Houston Chronicle – Opinion: Latinos want school choice and Texas leaders should listen
- by VALERIA GURR
The following article was originally published in the Houston Chronicle.
U.S. Rep. Mayra Flores (R-TX) is applauded by House Republicans at a news conference after being sworn in at the Capitol Building on June 21, 2022 in Washington, DC. Flores was elected to fill the seat held by Democratic Rep. Filemon Vela, who resigned from office in March. She is the first Mexican-born woman elected to Congress.
Over the last few years, states have taken unprecedented steps to expand parent choice in education for America’s families.
Across the nation, Education Savings Accounts and tax-credit scholarships are being created, expanded or improved to make educational freedom attainable for all.
In Texas, the topic has become quite important for families. Not only did Gov. Greg Abbott recently decide to speak up in support of school choice and of empowering parents, but candidates in favor of educational freedom are being elected up and down the ballot throughout the state.
The latest historic win comes from the first Mexican-born Congresswoman Republican Mayra Flores who flipped Texas’ U.S. House District 34, a heavily Hispanic district created a decade ago which includes the southern border of the Rio Grande Valley. Flores understands the importance of parental school choice and the doors it can open for Latinos and disadvantaged children, and she voiced that support in October 2021.
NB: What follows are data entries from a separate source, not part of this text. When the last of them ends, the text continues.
(* Let $n\ge 2$ and $m\ge 2$ be integers. Let $M_1=(\mu_{ij})$ be the $n\times n$ $0/1$ matrix with $\mu_{1,n-1}=\mu_{1,n}=1$, $\mu_{i,i-1}=1$ for $2\le i\le n$, and all other entries $0$, and let $\mathbb{A}_0$ be the order $m$, dimension $n$ tensor with $(\mathbb{A}_0)_{ij\ldots j}=\mu_{ij}$ for all $i,j\in[n]$ and $(\mathbb{A}_0)_{ii_2\ldots i_m}=0$ whenever $i_2,\ldots,i_m$ are not all equal. Then: (i) if $k$ is an integer with $1\le k\le n^2-3n+2$ and $k=(n-1)q+r$ with $q\ge0$, $1\le r\le n-1$, then $S_k(\mathbb{A}_0,n-1)=\{r-q-1,\ldots,r-1,r\}\pmod n$ and $|S_k(\mathbb{A}_0,n-1)|=q+2$; (ii) for every positive integer $t$ and every $j\in\{1,\ldots,n-2\}$, $S_{t+(n-1-j)}(\mathbb{A}_0,j)=S_t(\mathbb{A}_0,n-1)$, and also $S_{t+n-1}(\mathbb{A}_0,n)=S_t(\mathbb{A}_0,n-1)$.
   Context: For an integer $a$, $|a|_n$ denotes the least positive integer congruent to $a$ modulo $n$, and $\{a_1,\ldots,a_s\}\pmod n$ means $\{|a_1|_n,\ldots,|a_s|_n\}$. General product of tensors of dimension $n$: for $\mathbb{A}$ of order $m\ge2$ and $\mathbb{B}$ of order $k\ge1$, $(\mathbb{A}\mathbb{B})_{i\alpha_1\ldots\alpha_{m-1}}=\sum_{i_2,\ldots,i_m=1}^n a_{ii_2\ldots i_m}b_{i_2\alpha_1}\cdots b_{i_m\alpha_{m-1}}$ ($\alpha_l\in[n]^{k-1}$), a tensor of order $(m-1)(k-1)+1$; it is associative and $\mathbb{A}^k$ is the $k$-fold power. The majorization matrix of a tensor $\mathbb{C}$ is $(M(\mathbb{C}))_{ij}=c_{ij\ldots j}$. For a nonnegative tensor $\mathbb{A}$, $j\in[n]$ and $k\ge1$, $S_k(\mathbb{A},j)=\{u\in[n]\mid (M(\mathbb{A}^k))_{uj}>0\}$. *)

From mathcomp Require Import all_boot all_order all_algebra.
Set Implicit Arguments. Unset Strict Implicit. Unset Printing Implicit Defensive.
Import Order.TTheory GRing.Theory Num.Theory.
Local Open Scope ring_scope.

(* Index i : 'I_n stands for the paper's label i.+1 in [n] = {1,...,n}.
   A tensor of order p is only ever evaluated on sequences of length p. *)
Definition tensor (R : Type) (n : nat) := seq 'I_n -> R.

(* General product of A (order m) and B (order k):
   (AB)_{i alpha_1 ... alpha_{m-1}} =
     sum_{i_2..i_m} a_{i i_2 .. i_m} b_{i_2 alpha_1} ... b_{i_m alpha_{m-1}},
   alpha_l being the l-th block of length k-1 of the remaining indices. *)
Definition tprod (R : numDomainType) (n m k : nat) (A B : tensor R n) : tensor R n :=
  fun s => match s with
  | [::] => 0
  | i :: rest =>
      \sum_(t : (m.-1).-tuple 'I_n)
        A (i :: (t : seq 'I_n)) *
        \prod_(l < m.-1) B (tnth t l :: take k.-1 (drop (l * k.-1) rest))
  end.

(* k-fold power: A^1 = A, A^(k+1) = A (A^k); A^k has order (m-1)^k + 1. *)
Fixpoint tpow (R : numDomainType) (n m : nat) (A : tensor R n) (k : nat) : tensor R n :=
  match k with
  | k'.+1 => if k' is 0 then A
             else tprod m ((m.-1) ^ k').+1 A (tpow m A k')
  | 0 => A
  end.

Definition majmx (R : numDomainType) (n p : nat) (C : tensor R n) (i j : 'I_n) : R :=
  C (i :: nseq p.-1 j).

Definition Sk (R : numDomainType) (n m : nat) (A : tensor R n) (k : nat) (j : 'I_n)
  : {set 'I_n} :=
  [set u : 'I_n | 0 < majmx ((m.-1) ^ k).+1 (tpow m A k) u j].

(* |a|_n : least positive integer congruent to a modulo n (n > 0) *)
Definition modpos (n : nat) (a : int) : nat := (`|((a - 1) %% n)%Z|%N).+1.

Definition mu1 (n : nat) (i j : 'I_n) : bool :=
  ((i.+1 == 1)%N && ((j.+1 == n.-1)%N || (j.+1 == n)%N))
  || ((2 <= i.+1)%N && (j.+1 == i.+1 - 1)%N).

Definition A0 (R : numDomainType) (n m : nat) : tensor R n :=
  fun s => match s with
  | i :: j :: rest =>
      if (size s == m) && all (fun x => x == j) rest then (mu1 i j)%:R else 0
  | _ => 0
  end.

From mathcomp Require Import all_boot all_order all_algebra zify.
Import Order.TTheory GRing.Theory Num.Theory.

(* Since A_0 is nonnegative and its only nonzero entries are (A_0)_{i j...j} = mu_{ij},
   expanding M(A_0^(k+1))_{ij} over the tuples (i_2, ..., i_m) leaves only the constant
   tuples (w, ..., w) with mu_{iw} = 1, each weighted by M(A_0^k)_{wj}.  Hence
   M(A_0^k)_{uj} > 0 iff the digraph of M_1 has a walk of length k from u to j.
   In that digraph every vertex u >= 2 has the single successor u - 1, and 1 has the
   successors n - 1 and n.  So the set of vertices reaching n - 1 in k steps rotates
   by one place at each step and gains one vertex every n - 1 steps, which yields the
   window {r-q-1, ..., r} mod n.  For (ii), a vertex j <= n - 2 has the single
   predecessor j + 1 and n has the single predecessor 1, so walks ending there are
   walks ending at n - 1 followed by a forced path. *)

Set Implicit Arguments.
Unset Strict Implicit.
Unset Printing Implicit Defensive.

Section Walks.
Variables (T : finType) (e : rel T).

Fixpoint walk (k : nat) (u v : T) : bool :=
  if k is k'.+1 then [exists w, e u w && walk k' w v] else u == v.

Lemma walkS k u v : walk k.+1 u v = [exists w, e u w && walk k w v].
Proof. by []. Qed.

Lemma walk1 u v : walk 1 u v = e u v.
Proof.
apply/existsP/idP => [[w /andP[euw /eqP <-]] // | euv].
by exists v; rewrite euv eqxx.
Qed.

Lemma walkSr k u v : walk k.+1 u v = [exists w, walk k u w && e w v].
Proof.
elim: k u => [|k IHk] u.
  apply/existsP/existsP => [[w /andP[euw /eqP <-]]|[w /andP[/eqP <- euw]]].
    by exists u; rewrite /= eqxx.
  by exists v; rewrite /= eqxx andbT.
rewrite walkS; apply/existsP/existsP => [[w /andP[euw]]|[w /andP[/existsP[x /andP[eux xw] ewv]]]].
  by rewrite IHk => /existsP[x /andP[wx exv]]; exists x; rewrite exv andbT;
     apply/existsP; exists w; rewrite euw.
by exists x; rewrite eux IHk; apply/existsP; exists w; apply/andP.
Qed.

Lemma walkS_succ k u v s :
  (forall w, e u w = (w == s)) -> walk k.+1 u v = walk k s v.
Proof.
move=> succE; rewrite walkS; apply/existsP/idP => [[w]|skv].
  by rewrite succE => /andP[/eqP -> ].
by exists s; rewrite succE eqxx.
Qed.

Lemma walkS_succ2 k u v s1 s2 :
  (forall w, e u w = (w == s1) || (w == s2)) ->
  walk k.+1 u v = walk k s1 v || walk k s2 v.
Proof.
move=> succE; rewrite walkS; apply/existsP/orP => [[w]|[s1kv|s2kv]].
- by rewrite succE => /andP[/orP[] /eqP -> ]; [left|right].
- by exists s1; rewrite succE eqxx.
- by exists s2; rewrite succE eqxx orbT.
Qed.

Lemma walkSr_pred k u v p :
  (forall w, e w v = (w == p)) -> walk k.+1 u v = walk k u p.
Proof.
move=> predE; rewrite walkSr; apply/existsP/idP => [[w]|ukp].
  by rewrite predE => /andP[ukw /eqP <-].
by exists p; rewrite ukp predE eqxx.
Qed.

End Walks.

(* [x] (0-based) is congruent to one of [r-1, r-2, ..., r-q-2] modulo [N]. *)
Definition cyc_window (N q r x : nat) : bool :=
  (x < r <= x + q.+2) || (r + N <= x + q.+2).

Section CycleGraph.
Variable n' : nat.
Local Notation N := n'.+2.

Lemma mu1E (u w : 'I_N) : mu1 u w =
  if 0 < u then w.+1 == u else (w == n' :> nat) || (w == n'.+1 :> nat).
Proof. by rewrite /mu1; case: ifP; lia. Qed.

Lemma walk_mu1S k (u v : 'I_N) : walk (@mu1 N) k.+1 u v =
  if 0 < u then walk (@mu1 N) k (inord u.-1) v
  else walk (@mu1 N) k (inord n') v || walk (@mu1 N) k (inord n'.+1) v.
Proof.
have u_lt := ltn_ord u.
case: ifP => u_gt0; [apply: walkS_succ | apply: walkS_succ2] => w;
  by rewrite mu1E u_gt0 -!val_eqE /= !inordK //; lia.
Qed.

Lemma walk_mu1Sr k (u v : 'I_N) :
  v < n' -> walk (@mu1 N) k.+1 u v = walk (@mu1 N) k u (inord v.+1).
Proof.
move=> v_lt; apply: walkSr_pred => w.
by rewrite mu1E -val_eqE /= inordK; [case: ifP; lia | lia].
Qed.

Definition reaches_penult (k x : nat) : bool :=
  walk (@mu1 N) k (inord x) (inord n').

Lemma reaches_penult0 x : x < N -> reaches_penult 0 x = (x == n').
Proof. by move=> x_lt; rewrite /reaches_penult /= -val_eqE /= !inordK. Qed.

Lemma reaches_penultS k x : x < N -> reaches_penult k.+1 x =
  if 0 < x then reaches_penult k x.-1
  else reaches_penult k n' || reaches_penult k n'.+1.
Proof. by move=> x_lt; rewrite /reaches_penult walk_mu1S inordK. Qed.

Lemma reaches_penult_window_from1 q : q.+2 < N ->
  (forall x, x < N -> reaches_penult (n'.+1 * q).+1 x = cyc_window N q 1 x) ->
  forall r x, 0 < r < N -> x < N ->
  reaches_penult (n'.+1 * q + r) x = cyc_window N q r x.
Proof.
move=> q_lt base; elim=> [|[|r] IHr] // x r_bd x_lt; first by rewrite addn1 base.
rewrite addnS reaches_penultS //; case: ifP => x_gt0; rewrite !IHr /cyc_window //; lia.
Qed.

Lemma reaches_penult_window q r x : q.+2 < N -> 0 < r < N -> x < N ->
  reaches_penult (n'.+1 * q + r) x = cyc_window N q r x.
Proof.
elim: q r x => [|q IHq] r x q_lt; apply: reaches_penult_window_from1 => // {}x x_lt.
  rewrite muln0 reaches_penultS //; case: ifP => x_gt0;
    by rewrite !reaches_penult0 /cyc_window //; lia.
rewrite mulnS addnC reaches_penultS //; case: ifP => x_gt0;
  by rewrite !IHq /cyc_window //; lia.
Qed.

Lemma walk_mu1Sr_last k (u : 'I_N) :
  walk (@mu1 N) k.+1 u (inord n'.+1) = walk (@mu1 N) k u (inord 0).
Proof.
apply: walkSr_pred => w; have := ltn_ord w.
by rewrite mu1E -val_eqE /= !inordK //; case: ifP; lia.
Qed.

Lemma walk_mu1_shift t d (u j : 'I_N) :
  j + d = n' -> walk (@mu1 N) (t + d) u j = walk (@mu1 N) t u (inord n').
Proof.
elim: d j => [|d IHd] j jd.
  by rewrite addn0; congr walk; apply/val_inj; rewrite /= inordK; lia.
by rewrite addnS walk_mu1Sr ?IHd // ?inordK; lia.
Qed.

End CycleGraph.

Local Open Scope ring_scope.

Section DiagonalTensor.
Variables (R : realDomainType) (n m : nat) (e : rel 'I_n).
Hypothesis m_gt1 : (1 < m)%N.

Definition diag_tensor : tensor R n :=
  fun s => match s with
  | i :: j :: rest =>
      if (size s == m) && all (fun x => x == j) rest then (e i j)%:R else 0
  | _ => 0
  end.

Local Notation M k := (majmx ((m.-1) ^ k).+1 (tpow m diag_tensor k)).

Lemma diag_tensor_ge0 s : 0 <= diag_tensor s.
Proof. by case: s => [|i [|j s]] //=; case: ifP. Qed.

Lemma diag_tensor_nseq i j : diag_tensor (i :: nseq m.-1 j) = (e i j)%:R.
Proof.
have -> : m.-1 = m.-2.+1 by lia.
by rewrite /= size_nseq all_nseq eqxx orbT (_ : m.-2.+2 = m) ?eqxx //; lia.
Qed.

Lemma diag_tensor_gt0 i j s : 0 < diag_tensor (i :: j :: s) -> e i j.
Proof. by rewrite /=; case: ifP => _; case: (e i j); rewrite ?ltxx. Qed.

Lemma majmx_tpow1 i j : M 1 i j = (e i j)%:R.
Proof. by rewrite /majmx expn1; apply: diag_tensor_nseq. Qed.

Lemma majmx_tpowSS k i j : M k.+2 i j =
  \sum_(t : (m.-1).-tuple 'I_n)
     diag_tensor (i :: (t : seq 'I_n)) * \prod_(l < m.-1) M k.+1 (tnth t l) j.
Proof.
rewrite /majmx /=; apply: eq_bigr => t _; congr (_ * _).
apply: eq_bigr => l _; rewrite drop_nseq take_nseq //.
by rewrite (expnS _ k.+1) -mulnBl leq_pmull // subn_gt0.
Qed.

Lemma majmx_tpow_ge0 k i j : 0 <= M k i j.
Proof.
elim: k i => [|[|k] IHk] i; rewrite ?majmx_tpowSS; try exact: diag_tensor_ge0.
by apply: sumr_ge0 => t _; rewrite mulr_ge0 ?diag_tensor_ge0 ?prodr_ge0.
Qed.

Lemma majmx_tpow_gt0 k i j : (0 < k)%N -> (0 < M k i j) = walk e k i j.
Proof.
have m1_gt0 : (0 < m.-1)%N by case: m m_gt1 => [|[|]].
elim: k i => [|[|k] IHk] // i _.
  by rewrite majmx_tpow1 walk1; case: (e i j); rewrite ?ltr01 ?ltxx.
have term_ge0 (t : (m.-1).-tuple 'I_n) :
    0 <= diag_tensor (i :: (t : seq _)) * \prod_(l < m.-1) M k.+1 (tnth t l) j.
  by rewrite mulr_ge0 ?diag_tensor_ge0 ?prodr_ge0 // => l _; apply: majmx_tpow_ge0.
rewrite majmx_tpowSS walkS; apply/idP/existsP => [pos_sum|[w /andP[eiw wj]]].
  have [t /andP[_ pos_t]] := psumr_neq0P (fun t _ => term_ge0 t) (elimF eqP (gt_eqF pos_sum)).
  have diag_gt0 : 0 < diag_tensor (i :: (t : seq _)).
    by rewrite lt0r diag_tensor_ge0 andbT; apply: contraTneq pos_t => ->; rewrite mul0r ltxx.
  have prod_neq0 : \prod_(l < m.-1) M k.+1 (tnth t l) j != 0.
    by apply: contraTneq pos_t => ->; rewrite mulr0 ltxx.
  exists (nth j t 0); rewrite -IHk //; apply/andP; split.
    case: t {pos_t prod_neq0} diag_gt0 => [[|x s] sz] //=.
      by rewrite -(eqP sz) in m1_gt0.
    exact: diag_tensor_gt0.
  rewrite lt0r majmx_tpow_ge0 andbT.
  by move/prodf_neq0: prod_neq0 => /(_ (Ordinal m1_gt0) isT); rewrite (tnth_nth j).
rewrite (bigD1 [tuple of nseq m.-1 w]) // ltr_wpDr ?sumr_ge0 //.
rewrite (diag_tensor_nseq i w) eiw mul1r prodr_gt0 // => l _.
by rewrite tnth_nseq IHk.
Qed.

Lemma Sk_diag_tensor k j :
  (0 < k)%N -> Sk m diag_tensor k j = [set u | walk e k u j].
Proof. by move=> k_gt0; apply/setP => u; rewrite !inE majmx_tpow_gt0. Qed.

End DiagonalTensor.


Lemma modpos_subn N r d : (0 < r < N)%N -> (d < N)%N ->
  modpos N (r%:Z - d%:Z) = if (d < r)%N then (r - d)%N else (r + N - d)%N.
Proof.
move=> r_bd d_lt; rewrite /modpos; case: ifP => d_lt_r.
  rewrite (_ : _ - 1 = (r - d).-1%:Z); last lia.
  by rewrite modz_nat absz_nat modn_small; lia.
rewrite (_ : _ - 1 = (r + N - d).-1%:Z - N%:Z); last lia.
by rewrite -(modzDr _ N%:Z) subrK modz_nat absz_nat modn_small; lia.
Qed.

Definition res_window (N q r : nat) : {set 'I_N} :=
  [set u : 'I_N | [exists d : 'I_q.+2, u.+1 == modpos N (r%:Z - (d : nat)%:Z)]].

Section ResidueWindow.
Variables (n' q r : nat).
Local Notation N := n'.+1.
Hypotheses (q_lt : (q.+2 <= N)%N) (r_bd : (0 < r < N)%N).

Lemma modpos_subn_window (d : 'I_q.+2) :
  modpos N (r%:Z - (d : nat)%:Z) = if (d < r)%N then (r - d)%N else (r + N - d)%N.
Proof. by rewrite modpos_subn //; have := ltn_ord d; lia. Qed.

Lemma mem_res_window (x : 'I_N) : (x \in res_window N q r) = cyc_window N q r x.
Proof.
rewrite inE /cyc_window; have x_lt := ltn_ord x.
apply/existsP/idP => [[d]|win].
  by rewrite modpos_subn_window; have := ltn_ord d; case: ifP; lia.
pose d := if (x < r)%N then (r - x.+1)%N else (r + N - x.+1)%N.
have d_lt : (d < q.+2)%N by rewrite /d; case: ifP; lia.
exists (Ordinal d_lt); rewrite modpos_subn_window /= /d.
by case: (ltnP x r) => xr; case: ifP; lia.
Qed.

Lemma card_res_window : #|res_window N q r| = q.+2.
Proof.
pose g (d : 'I_q.+2) : 'I_N := inord (modpos N (r%:Z - (d : nat)%:Z)).-1.
have g_inj : injective g.
  move=> d1 d2 /(congr1 val); rewrite /g !modpos_subn_window /= => g12.
  apply: ord_inj; move: g12; have := ltn_ord d1; have := ltn_ord d2.
  by case: ifP => ?; case: ifP => ?; rewrite !inordK; lia.
have -> : res_window N q r = g @: setT.
  apply/setP => u; rewrite inE.
  apply/existsP/imsetP => [[d /eqP ud]|[d _ ->]]; exists d => //.
    by rewrite /g -ud /= inord_val.
  have := ltn_ord d; rewrite /g modpos_subn_window inordK; case: ifP; lia.
by rewrite card_imset // cardsT card_ord.
Qed.

End ResidueWindow.

Theorem proposition2p14 (R : realDomainType) (n m : nat) :
  (2 <= n)%N -> (2 <= m)%N ->
  (* (i) *)
  (forall (q r : nat) (jn1 : 'I_n),
     jn1.+1 = n.-1 ->
     (1 <= r <= n.-1)%N ->
     (1 <= (n.-1) * q + r <= (n.-1) * (n - 2))%N ->
     Sk m (@A0 R n m) ((n.-1) * q + r) jn1 =
       [set u : 'I_n | [exists d : 'I_(q.+2), u.+1 == modpos n (r%:Z - (d : nat)%:Z)]]
     /\ #|Sk m (@A0 R n m) ((n.-1) * q + r) jn1| = q.+2)
  /\
  (* (ii) *)
  (forall (t : nat) (jn1 jn : 'I_n),
     (0 < t)%N -> jn1.+1 = n.-1 -> jn.+1 = n ->
     (forall j : 'I_n, (1 <= j.+1 <= n - 2)%N ->
        Sk m (@A0 R n m) (t + (n.-1 - j.+1)) j = Sk m (@A0 R n m) t jn1)
     /\ Sk m (@A0 R n m) (t + n.-1) jn = Sk m (@A0 R n m) t jn1).
Proof.
move=> n_ge2 m_gt1; case: n n_ge2 => [|[|n']] // _.
have SkE k j : (0 < k)%N ->
    Sk m (@A0 R n'.+2 m) k j = [set u | walk (@mu1 _) k u j].
  exact: Sk_diag_tensor.
have penultE (j : 'I_n'.+2) : j.+1 = n'.+1 -> j = inord n'.
  by move=> jE; apply/val_inj; rewrite /= inordK; lia.
split=> [q r jn1 /penultE -> r_bd /andP[k_gt0 k_le] | t jn1 jn t_gt0 /penultE -> jnE].
  have q_lt : (q.+2 < n'.+2)%N by nia.
  suff -> : Sk m (@A0 R n'.+2 m) (n'.+1 * q + r) (inord n') = res_window n'.+2 q r.
    by split=> //; apply: card_res_window; lia.
  rewrite SkE //; apply/setP => u; rewrite inE mem_res_window; [|lia|lia].
  by rewrite -reaches_penult_window ?ltn_ord // /reaches_penult inord_val.
split=> [j j_bd|].
  rewrite !SkE ?addn_gt0 ?t_gt0 //; apply/setP => u.
  by rewrite !inE walk_mu1_shift //=; lia.
have -> : jn = inord n'.+1 by apply/val_inj; rewrite /= inordK; lia.
rewrite !SkE ?addn_gt0 ?t_gt0 //; apply/setP => u.
by rewrite !inE addnS walk_mu1Sr_last walk_mu1_shift // inordK.
Qed.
A recent study conducted in Texas sides with Abbott and Flores, finding an overwhelming support for school choice among the 608 Hispanic adults surveyed. The study, published by the Texas Public Policy Foundation, states that 78 percent of the survey respondents believe that parents should have the right to utilize earmarked tax funds to send their child to whichever school — public, charter or private — that best meets their needs.
Although that number may seem small in relation to the total population of Hispanics in Texas, the results concur with a recent national poll conducted by the American Federation for Children and conducted by RealClear Opinion Research. The survey of over 2,000 registered voters nationwide overwhelmingly showed support among all demographics for school choice. Of the Hispanics surveyed, 77 percent strongly supported giving families educational options.
As a Hispanic school choice advocate and parent myself, I understand why families, now more than ever, are asking for access to educational freedom. All one has to do is watch the news to see the frightening statistics. The COVID-19 pandemic worsened both academic and non-academic difficulties that Latino students already experienced, particularly for those growing up in low-income homes. Reports show that many students were forced to drop out of school to help support their families, and those who remained in school lacked access to technology and other necessary resources.
We want to foster conversation and highlight the intersection of race, identity and culture in one of America’s most diverse cities.
For years, disadvantaged children have systematically slipped through the cracks and been assigned to schools that have been failing for decades. The achievement gaps have considerably increased, and private schooling alternatives have become even more out of reach for many lower- and middle-income families. The pandemic exacerbated these failures and gave parents a front-row seat to what is truly happening in America’s classrooms. Unfortunately, the failures go way beyond reading, writing and arithmetic.
As a first-generation American from Chile, I understand the importance and value of education. My parents and grandparents always reiterated how schooling is something invaluable that would open doors for my future. Latinos who can attend college or obtain a valuable education take pride in that. Many of us come from generations of poverty, and being able to break this cycle means freedom and opportunity for generations to come.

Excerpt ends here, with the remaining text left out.